By Sandra Drescher-Lehman
"Can you keep a secret, Mom?" my 5-year-old Jonathan said. "Yes." (Well, I can, although he will one day learn that secrecy is not one of my strengths, as I am now telling many people what he said next.)
| I'm not planning to die this year, but I now know it's a possibility and it doesn't feel morbid. It's part of life's promise. |
"Sometimes I pray that we'll all die together in seven years. Because if I die first, you'll be too sad, and if you die first, I'll be too sad. But we'll all be happy together in heaven if we die together." I assumed the "all" meant his dad, his older sister, Maria, and myself. I was right.
understood the sad part. I felt the same way, although I would never admit to praying that strongly for someone else's death. I was curious, though, about the seven years. He said seven was just a good, long time.
Time is such a relative concept.

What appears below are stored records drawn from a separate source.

(* A pattern is a small tree on the vertices 0, ..., pat_size p - 1, given by
   adjacency lists whose heads point towards vertex 0, together with a cover of
   its edges by pieces and lonely edges.  An attached pattern hangs from the rest
   of the forest through vertex 0, which is kept while all other vertices are
   removed; an unattached pattern is a whole component and is removed entirely. *)
Record pattern := Pattern {
  pat_adj : seq (seq nat);
  pat_attached : bool;
  pat_pieces : seq (seq nat);
  pat_lonely : seq (nat * nat) }.

Section PatternDefs.
Variable p : pattern.

Definition pat_size := size (pat_adj p).
Definition pat_verts := iota 0 pat_size.
Definition pat_all (P : pred nat) := all P pat_verts.
Definition pat_edge i j : bool := j \in nth [::] (pat_adj p) i.
Definition pat_removed i : bool := ~~ pat_attached p || (i != 0).

Definition pat_edge_disjoint (s t : seq nat) : bool :=
  pat_all (fun i => pat_all (fun j =>
    ~~ [&& pat_edge i j, i \in s, j \in s, i \in t & j \in t])).

Definition pat_parent i := head 0 (nth [::] (pat_adj p) i).

Fixpoint pat_ancestors_rec n i :=
  if n is n'.+1 then i :: (if i == 0 then [::] else pat_ancestors_rec n' (pat_parent i))
  else [::].

Definition pat_ancestors i := pat_ancestors_rec pat_size i.

(* Up from [i] to its lowest common ancestor with [j], then down to [j]. *)
Definition pat_walk i j :=
  let ai := pat_ancestors i in
  let aj := pat_ancestors j in
  let l := head 0 [seq x <- ai | x \in aj] in
  take (index l ai) ai ++ l :: rev (take (index l aj) aj).

Definition pat_simple : bool :=
  [&& all (all (fun j => j < pat_size)) (pat_adj p),
      pat_all (fun i => pat_all (fun j => pat_edge i j == pat_edge j i)),
      pat_all (fun i => ~~ pat_edge i i) &
      has pat_removed pat_verts].

Definition pat_walks : bool :=
  pat_all (fun i => pat_all (fun j => (i != j) ==>
    let w := pat_walk i j in
    [&& nonbacktracking pat_edge w, head 0 w == i, last 0 w == j & 1 < size w])).

Definition pat_cover_ok : bool :=
  [&& all (fun s => (size s <= 4) && all (fun i => i < pat_size) s) (pat_pieces p),
      pairwise pat_edge_disjoint (pat_pieces p),
      all (fun l => [&& pat_edge l.1 l.2, pat_removed l.1, pat_removed l.2 &
                        pat_attached p ==> ~~ pat_edge l.1 0 && ~~ pat_edge l.2 0])
          (pat_lonely p),
      pairwise (far_apart pat_edge) (pat_lonely p) &
      all (fun l => all (fun s => ~~ ((l.1 \in s) && (l.2 \in s))) (pat_pieces p))
          (pat_lonely p)].

Definition pat_covered : bool :=
  pat_all (fun i => pat_all (fun j => pat_edge i j && pat_removed i ==>
    has (fun s => (i \in s) && (j \in s)) (pat_pieces p) || has (pair_joins i j) (pat_lonely p))).

Definition pat_cost_ok : bool :=
  8 * size (pat_pieces p) + 4 * size (pat_lonely p) <= 3 * count pat_removed pat_verts.

Definition pat_ok : bool :=
  [&& pat_simple, pat_walks, pat_cover_ok, pat_covered & pat_cost_ok].

End PatternDefs.

Section PatternTheory.
Variable p : pattern.
Hypothesis p_simple : pat_simple p.
Local Notation k := (pat_size p).

Lemma pat_allP (P : pred nat) : pat_all p P -> forall i, i < k -> P i.
Proof. by move/allP=> allP i lt_ik; apply: allP; rewrite mem_iota. Qed.

Lemma pat_edge_lt i j : pat_edge p i j -> (i < k) && (j < k).
Proof.
rewrite /pat_edge; case: (ltnP i k) => [lt_ik|le_ki]; last by rewrite nth_default.
case/and4P: p_simple => /(all_nthP [::])/(_ i lt_ik)/allP adj_lt _ _ _.
by move/adj_lt.
Qed.

Lemma pat_edge_sym i j : pat_edge p i j = pat_edge p j i.
Proof.
have edge_sym i' j' : pat_edge p i' j' -> pat_edge p j' i'.
  move=> ij; case/andP: (pat_edge_lt ij) => lt_i lt_j.
  case/and4P: p_simple => _ /pat_allP/(_ i' lt_i)/pat_allP/(_ j' lt_j)/eqP <- _ _.
  exact: ij.
by apply/idP/idP; apply: edge_sym.
Qed.

Lemma pat_edge_irr i : pat_edge p i i = false.
Proof.
apply/negbTE/negP => ii; case/andP: (pat_edge_lt ii) => lt_i _.
by case/and4P: p_simple => _ _ /pat_allP/(_ i lt_i); rewrite ii.
Qed.

Lemma pat_adj_lt i : all (fun j => j < k) (nth [::] (pat_adj p) i).
Proof. by apply/allP => j ij; case/andP: (pat_edge_lt ij). Qed.

(* Only vertex 0 can be kept, so every edge has a removed endpoint. *)
Lemma pat_edge_removed i j : pat_edge p i j -> ~~ pat_removed p i -> pat_removed p j.
Proof.
rewrite /pat_removed negb_or !negbK => ij /andP[-> /eqP i0] /=.
by apply: contraTneq ij => j0; rewrite i0 j0 pat_edge_irr.
Qed.

Lemma pat_kept i : ~~ pat_removed p i -> i = 0 /\ pat_attached p.
Proof. by rewrite /pat_removed negb_or !negbK => /andP[-> /eqP]. Qed.
End PatternTheory.

Section PartialCover.
Variables (V : finType) (e : rel V).

Definition neighbours (U : {set V}) (z : V) (s : seq V) : Prop :=
  forall w, (w \in U) && e z w = (w \in s).

Definition edge_disjoint (S T : {set V}) : bool :=
  [forall x, forall y, ~~ (induced_edge e S x y && induced_edge e T x y)].

(* Two lonely edges will later share one piece of order 4, hence the weights 8
   and 4 in the cost bound. *)
Record partial_cover (U : {set V}) (P : seq {set V}) (L : seq (V * V)) : Prop :=
  PartialCover {
    pieces_small : all (fun S : {set V} => (S \subset U) && (#|S| <= 4)) P;
    pieces_disjoint : pairwise edge_disjoint P;
    lonely_edges : all (fun l => [&& e l.1 l.2, l.1 \in U & l.2 \in U]) L;
    lonely_far : pairwise (far_apart e) L;
    lonely_uncovered : all (fun l => all (fun S => ~~ induced_edge e S l.1 l.2) P) L;
    cover_edges : forall x y, x \in U -> y \in U -> e x y ->
      has (fun S => induced_edge e S x y) P || has (pair_joins x y) L;
    cover_cost : 8 * size P + 4 * size L <= 3 * #|U| }.

Definition coverable (U : {set V}) : Prop := exists P L, partial_cover U P L.
End PartialCover.

Lemma uniq_map_inj_in (T1 T2 : eqType) (f : T1 -> T2) s :
  uniq (map f s) -> {in s &, injective f}.
Proof.
elim: s => //= h s IH /andP[fhNs uniq_fs] a c; rewrite !inE.
case/orP=> [/eqP->|a_s]; case/orP=> [/eqP->|c_s] //.
- by move=> fhfc; move: fhNs; rewrite fhfc map_f.
- by move=> fafh; move: fhNs; rewrite -fafh map_f.
- exact: IH.
Qed.

Section Reduce.
Variables (V : finType) (e : rel V).
Hypotheses (e_sym : symmetric e) (e_irr : irreflexive e) (acyc : acyclic_graph e).
Variables (U : {set V}) (p : pattern) (vs : seq V) (x0 : V).
Hypothesis p_ok : pat_ok p.
Hypothesis size_vs : size vs = pat_size p.
Hypothesis vs_in_U : all (fun v => v \in U) vs.
Hypothesis removed_neighbours : forall i, i < pat_size p -> pat_removed p i ->
  neighbours e U (nth x0 vs i) (map (nth x0 vs) (nth [::] (pat_adj p) i)).
Hypothesis adj_uniq : forall i, i < pat_size p ->
  uniq (map (nth x0 vs) (nth [::] (pat_adj p) i)).

Local Notation f := (nth x0 vs).
Local Notation k := (pat_size p).

Let p_simple : pat_simple p. Proof. by case/and5P: p_ok. Qed.
Let p_walks : pat_walks p. Proof. by case/and5P: p_ok. Qed.
Let p_cover : pat_cover_ok p. Proof. by case/and5P: p_ok. Qed.
Let p_covered : pat_covered p. Proof. by case/and5P: p_ok. Qed.
Let p_cost : pat_cost_ok p. Proof. by case/and5P: p_ok. Qed.

Lemma embed_in i : i < k -> f i \in U.
Proof. by move=> lt_ik; apply: (all_nthP x0 vs_in_U); rewrite size_vs. Qed.

Lemma embed_edge i j : pat_edge p i j -> e (f i) (f j).
Proof.
move=> ij; case/andP: (pat_edge_lt p_simple ij) => lt_i lt_j.
have [rem_i|kept_i] := boolP (pat_removed p i).
  by move: (removed_neighbours lt_i rem_i (f j)); rewrite map_f // => /andP[].
have ji : pat_edge p j i by rewrite pat_edge_sym.
move: (removed_neighbours lt_j (pat_edge_removed p_simple ij kept_i) (f i)).
by rewrite map_f // e_sym => /andP[].
Qed.

Lemma embed_loc_inj a b c : pat_edge p a b -> pat_edge p b c -> a != c -> f a != f c.
Proof.
move=> ab bc; apply: contra_neq; rewrite pat_edge_sym // in ab.
case/andP: (pat_edge_lt p_simple ab) => lt_b _.
exact: uniq_map_inj_in (adj_uniq lt_b) _ _ ab bc.
Qed.

(* Distinct vertices of a pattern are the ends of a nonbacktracking walk, whose
   image is nonbacktracking, hence a path, in the acyclic graph. *)
Lemma embed_inj i j : i < k -> j < k -> f i = f j -> i = j.
Proof.
move=> lt_i lt_j fifj; apply/eqP/negPn/negP => iNj.
move: (pat_allP (pat_allP p_walks lt_i) lt_j); rewrite iNj /=.
case/and4P=> nb_w /eqP head_w /eqP last_w size_w.
have uniq_fw := nonbacktracking_uniq e_irr acyc
  (nonbacktracking_map embed_edge embed_loc_inj nb_w).
have := uniq_head_neq_last x0 uniq_fw; rewrite size_map => /(_ size_w).
case: (pat_walk p i j) head_w last_w size_w => // a w /= -> last_w _.
by rewrite (last_map f) last_w fifj eqxx.
Qed.

Lemma mem_embed i s : i < k -> all (fun a => a < k) s -> (f i \in map f s) = (i \in s).
Proof.
move=> lt_i lt_s; apply/mapP/idP => [[j j_s fifj]|]; last by exists i.
by rewrite (embed_inj lt_i _ fifj) //; apply: (allP lt_s).
Qed.

Lemma embed_edgeE i j : i < k -> j < k -> e (f i) (f j) = pat_edge p i j.
Proof.
move=> lt_i lt_j; have [rem_i|kept_i] := boolP (pat_removed p i).
  move: (removed_neighbours lt_i rem_i (f j)).
  by rewrite embed_in // mem_embed // pat_adj_lt.
have [rem_j|kept_j] := boolP (pat_removed p j).
  move: (removed_neighbours lt_j rem_j (f i)).
  by rewrite embed_in // mem_embed ?pat_adj_lt // e_sym pat_edge_sym.
by rewrite (pat_kept kept_i).1 (pat_kept kept_j).1 e_irr pat_edge_irr.
Qed.

Definition removed : {set V} := [set x | x \in map f (filter (pat_removed p) (pat_verts p))].
Definition embed_set (s : seq nat) : {set V} := [set x | x \in map f s].
Definition embed_pair (l : nat * nat) : V * V := (f l.1, f l.2).
Local Notation U' := (U :\: removed).

Lemma embed_removed a : a < k -> pat_removed p a -> f a \in removed.
Proof. by move=> lt_a rem_a; rewrite inE map_f // mem_filter rem_a mem_iota. Qed.

Lemma removedP x : x \in removed -> exists2 i, i < k & pat_removed p i && (x == f i).
Proof.
rewrite inE => /mapP[i]; rewrite mem_filter mem_iota => /andP[rem_i lt_i] ->.
by exists i; rewrite ?rem_i ?eqxx.
Qed.

Lemma embed_kept a : a < k -> f a \in U' -> a = 0 /\ pat_attached p.
Proof.
move=> lt_a /setDP[_ fa_kept]; apply: pat_kept.
by apply: contra fa_kept; apply: embed_removed.
Qed.

Lemma removed_remainder_edge a w : a < k -> pat_removed p a -> w \in U' ->
  e (f a) w -> pat_attached p && pat_edge p a 0.
Proof.
move=> lt_a rem_a w_kept faw.
have := removed_neighbours lt_a rem_a w; rewrite faw (setDP w_kept).1 /=.
case/esym/mapP=> c ac wfc; case/andP: (pat_edge_lt p_simple ac) => _ lt_c.
rewrite wfc in w_kept; have [c0 ->] := embed_kept lt_c w_kept.
by rewrite -c0; exact: ac.
Qed.

Lemma removed_sub : removed \subset U.
Proof. by apply/subsetP => x /removedP[i lt_i /andP[_ /eqP->]]; apply: embed_in. Qed.

Lemma card_removed : #|removed| = count (pat_removed p) (pat_verts p).
Proof.
rewrite cardsE -size_filter -(size_map f); apply/card_uniqP.
rewrite map_inj_in_uniq ?filter_uniq ?iota_uniq //.
by move=> i j; rewrite !mem_filter !mem_iota /= => /andP[_ lt_i] /andP[_ lt_j]; apply: embed_inj.
Qed.

Lemma card_remainder_lt : #|U'| < #|U|.
Proof.
rewrite -(cardsID removed U) (setIidPr removed_sub) card_removed.
by case/and4P: p_simple => _ _ _; rewrite has_count; lia.
Qed.

Lemma embed_setP x s : all (fun a => a < k) s -> x \in embed_set s ->
  exists2 i, (i \in s) && (i < k) & x = f i.
Proof.
move=> lt_s; rewrite inE => /mapP[i i_s ->]; exists i => //.
by rewrite i_s (allP lt_s).
Qed.

Lemma embed_set_remainder x s : all (fun a => a < k) s -> x \in U' ->
  x \in embed_set s -> x = f 0.
Proof.
move=> lt_s x_kept /(embed_setP lt_s)[i /andP[_ lt_i] xfi]; subst x.
by rewrite (embed_kept lt_i x_kept).1.
Qed.

Lemma embed_set_disjoint s t : all (fun a => a < k) s -> all (fun a => a < k) t ->
  pat_edge_disjoint p s t -> edge_disjoint e (embed_set s) (embed_set t).
Proof.
move=> lt_s lt_t st; apply/forallP => x; apply/forallP => y.
apply/negP => /andP[/and3P[exy x_s y_s] /and3P[_ x_t y_t]].
have [i /andP[i_s lt_i] xfi] := embed_setP lt_s x_s.
have [j /andP[j_s lt_j] yfj] := embed_setP lt_s y_s.
have [i' /andP[i_t lt_i'] xfi'] := embed_setP lt_t x_t.
have [j' /andP[j_t lt_j'] yfj'] := embed_setP lt_t y_t.
rewrite (embed_inj lt_i' lt_i (etrans (esym xfi') xfi)) in i_t.
rewrite (embed_inj lt_j' lt_j (etrans (esym yfj') yfj)) in j_t.
move: (pat_allP (pat_allP st lt_i) lt_j).
by rewrite -(embed_edgeE lt_i lt_j) -xfi -yfj exy i_s j_s i_t j_t.
Qed.

Lemma embed_pair_far l l' : pat_edge p l.1 l.2 -> pat_edge p l'.1 l'.2 ->
  far_apart (pat_edge p) l l' -> far_apart e (embed_pair l) (embed_pair l').
Proof.
case: l l' => [a b] [c d] /= /(pat_edge_lt p_simple)/andP[lt_a lt_b].
move=> /(pat_edge_lt p_simple)/andP[lt_c lt_d].
rewrite /far_apart /= !embed_edgeE //.
have embed_neq i j : i < k -> j < k -> i != j -> f i != f j.
  by move=> lt_i lt_j; apply: contra_neq => /(embed_inj lt_i lt_j).
by case/and5P=> ac ad bc bd ->; rewrite !embed_neq.
Qed.

Section Extend.
Variables (P' : seq {set V}) (L' : seq (V * V)).
Hypothesis cover' : partial_cover e U' P' L'.
Local Notation P := (P' ++ map embed_set (pat_pieces p)).
Local Notation L := (L' ++ map embed_pair (pat_lonely p)).

Let piece_lt s : s \in pat_pieces p -> all (fun a => a < k) s.
Proof. by case/and5P: p_cover => /allP pieces_ok _ _ _ _ /pieces_ok/andP[]. Qed.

How long I can or should expect to live is also relative.
When my cancer was discovered, I was just beginning to read through the Bible with the fifth-grade Sunday school class I was teaching. I was struck again by how long the earliest people lived. Methuselah (Genesis 5:27) lived the longest -- a little under 10 centuries - but others lived a long time, too. To live one century today is amazing. Most of us expect and want to live to be more than 80. If our bodies fall apart before that, we pray for a miracle.
Faced with my own cancer, I've been pondering the massacres in Joshua and Judges. Ten thousand died here. One hundred twenty thousand were killed there. Sometimes every living thing was taken by the sword. Other times the animals or the women and children were taken as booty.
I've thought a lot about those women who lost their husbands and brothers and children, and the children who lost their fathers. That was stranger to me than when an entire city was taken. I understood why Jonathan was praying that we all die together.
I feel small in the face of those passages. I am one tiny life in a long history of people created and loved by God. Beside Methuselah, I'm just getting started. Beside many others, 40 years is already a long life. God doesn't seem to honor a certain age as the right length of time for us to be on earth. In different eras, different ages have been the norm.
By the time I got to the New Testament in the Bible read-through, a verse in James summed up where I was heading: "What is your life? For you are a mist that appears for a little while and then vanishes" (James 4:14b).
To view my life in the procession of those who have lived before me and who will live and die after me has changed my thinking. I know I'm an important part of the procession -- as important as the Old Testament victors -- but also not any more important than any of those nameless women who died in Joshua's many slaughters. I know I'm special to my family and friends, but in the larger scheme of history, not any more important than all the other mothers who have died of cancer and left small children.
None of us will get out of here alive. Our departure times will only differ by a matter of years in light of eternity. I think about the fact that this could be the last fall I jump in the leaves with my children. I'm not planning to die this year, but I now know it's a possibility and it doesn't feel morbid. It's part of life's promise.
This has been the change in my thinking. On the feeling level, where I most often exist, I still want to live long enough to watch my children grow up. If I get that, I'll probably want to watch my grandchildren grow up, too.
Living, however, after contemplating my place in the procession of life and death, has a different glow to it. It's been a reminder to celebrate the energy I do have. It's time, right now, to tell my family how much I love them and to write in my children's journals. It's time to share my resources more liberally with those who have a need. It's time to spend more on my own stingy self. It's time to pay less attention to conflict in my relationships and work more on planting joy. It's time to refill all those containers that came to our house, piled high with food when I couldn't cook, and deliver them to the next family in need. It's time to think about how lucky I'll be when it's my turn to meet the father-in-law I never knew here, and share his new home [in heaven].